(* Consider the single-armed lazy restless bandit described in the context with fixed subsidy $\eta$ and $p_{0,0}<p_{1,0}$, and let $b=\min\left\{1,\frac{R_1-R_0}{\rho_1-\rho_0}\right\}$. Then $\pi\mapsto V_S(\pi)-V_{NS}(\pi)$ is decreasing on $[0,1]$ under either of the following conditions: (1) for any $K>1$, when $0<p_{1,0}-p_{0,0}<b/5$ and $\beta\in(0,1)$; (2) for any $K>1$, when $\beta\in(0,b/5)$.
   Context: Single-armed lazy restless bandit: an arm has a hidden state in $\{0,1\}$ evolving as a two-state Markov chain with transition probabilities $p_{i,j}$ ($p_{i,0}+p_{i,1}=1$). During each session the chain makes exactly $K\ge1$ transitions. In each session the decision maker plays the arm or not. If played with the arm in state $i$ at session start, an ACK is received with probability $\rho_i\in[0,1]$ and the expected reward is $R_i$; if not played, subsidy $\eta$ is received and nothing observed. Discount $\beta\in(0,1)$. Standing assumptions: $\rho_0<\rho_1$, $R_0<R_1$. Belief $\pi\in[0,1]$ = probability of state $0$. $R_S(\pi)=\pi R_0+(1-\pi)R_1$, $\rho(\pi)=\pi\rho_0+(1-\pi)\rho_1$, $\gamma_1(\pi)=\frac{(1-\pi)\rho_1p_{1,0}+\pi\rho_0p_{0,0}}{\rho_1(1-\pi)+\rho_0\pi}$, $\gamma_0(\pi)=\frac{(1-\pi)(1-\rho_1)p_{1,0}+\pi(1-\rho_0)p_{0,0}}{(1-\rho_1)(1-\pi)+(1-\rho_0)\pi}$, $\gamma_2(\pi)=(p_{0,0}-p_{1,0})^K\pi+p_{1,0}\sum_{j=0}^{K-1}(p_{0,0}-p_{1,0})^j$. $V_S,V_{NS},V$ are the unique bounded solution of $V_S(\pi)=R_S(\pi)+\beta\big(\rho(\pi)V(\gamma_1(\pi))+(1-\rho(\pi))V(\gamma_0(\pi))\big)$, $V_{NS}(\pi)=\eta+\beta V(\gamma_2(\pi))$, $V(\pi)=\max\{V_S(\pi),V_{NS}(\pi)\}$ (a term with zero coefficient is taken to be $0$). *)

From Stdlib Require Import Reals.
Open Scope R_scope.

- - - -

**Exercise requirements:** Your answer should be an exact transcription of the data above.

**Solution to this task:**
(* Consider the single-armed lazy restless bandit described in the context with fixed subsidy $\eta$ and $p_{0,0}<p_{1,0}$, and let $b=\min\left\{1,\frac{R_1-R_0}{\rho_1-\rho_0}\right\}$. Then $\pi\mapsto V_S(\pi)-V_{NS}(\pi)$ is decreasing on $[0,1]$ under either of the following conditions: (1) for any $K>1$, when $0<p_{1,0}-p_{0,0}<b/5$ and $\beta\in(0,1)$; (2) for any $K>1$, when $\beta\in(0,b/5)$.
   Context: Single-armed lazy restless bandit: an arm has a hidden state in $\{0,1\}$ evolving as a two-state Markov chain with transition probabilities $p_{i,j}$ ($p_{i,0}+p_{i,1}=1$). During each session the chain makes exactly $K\ge1$ transitions. In each session the decision maker plays the arm or not. If played with the arm in state $i$ at session start, an ACK is received with probability $\rho_i\in[0,1]$ and the expected reward is $R_i$; if not played, subsidy $\eta$ is received and nothing observed. Discount $\beta\in(0,1)$. Standing assumptions: $\rho_0<\rho_1$, $R_0<R_1$. Belief $\pi\in[0,1]$ = probability of state $0$. $R_S(\pi)=\pi R_0+(1-\pi)R_1$, $\rho(\pi)=\pi\rho_0+(1-\pi)\rho_1$, $\gamma_1(\pi)=\frac{(1-\pi)\rho_1p_{1,0}+\pi\rho_0p_{0,0}}{\rho_1(1-\pi)+\rho_0\pi}$, $\gamma_0(\pi)=\frac{(1-\pi)(1-\rho_1)p_{1,0}+\pi(1-\rho_0)p_{0,0}}{(1-\rho_1)(1-\pi)+(1-\rho_0)\pi}$, $\gamma_2(\pi)=(p_{0,0}-p_{1,0})^K\pi+p_{1,0}\sum_{j=0}^{K-1}(p_{0,0}-p_{1,0})^j$. $V_S,V_{NS},V$ are the unique bounded solution of $V_S(\pi)=R_S(\pi)+\beta\big(\rho(\pi)V(\gamma_1(\pi))+(1-\rho(\pi))V(\gamma_0(\pi))\big)$, $V_{NS}(\pi)=\eta+\beta V(\gamma_2(\pi))$, $V(\pi)=\max\{V_S(\pi),V_{NS}(\pi)\}$ (a term with zero coefficient is taken to be $0$). *)

From Stdlib Require Import Reals.
Open Scope R_scope.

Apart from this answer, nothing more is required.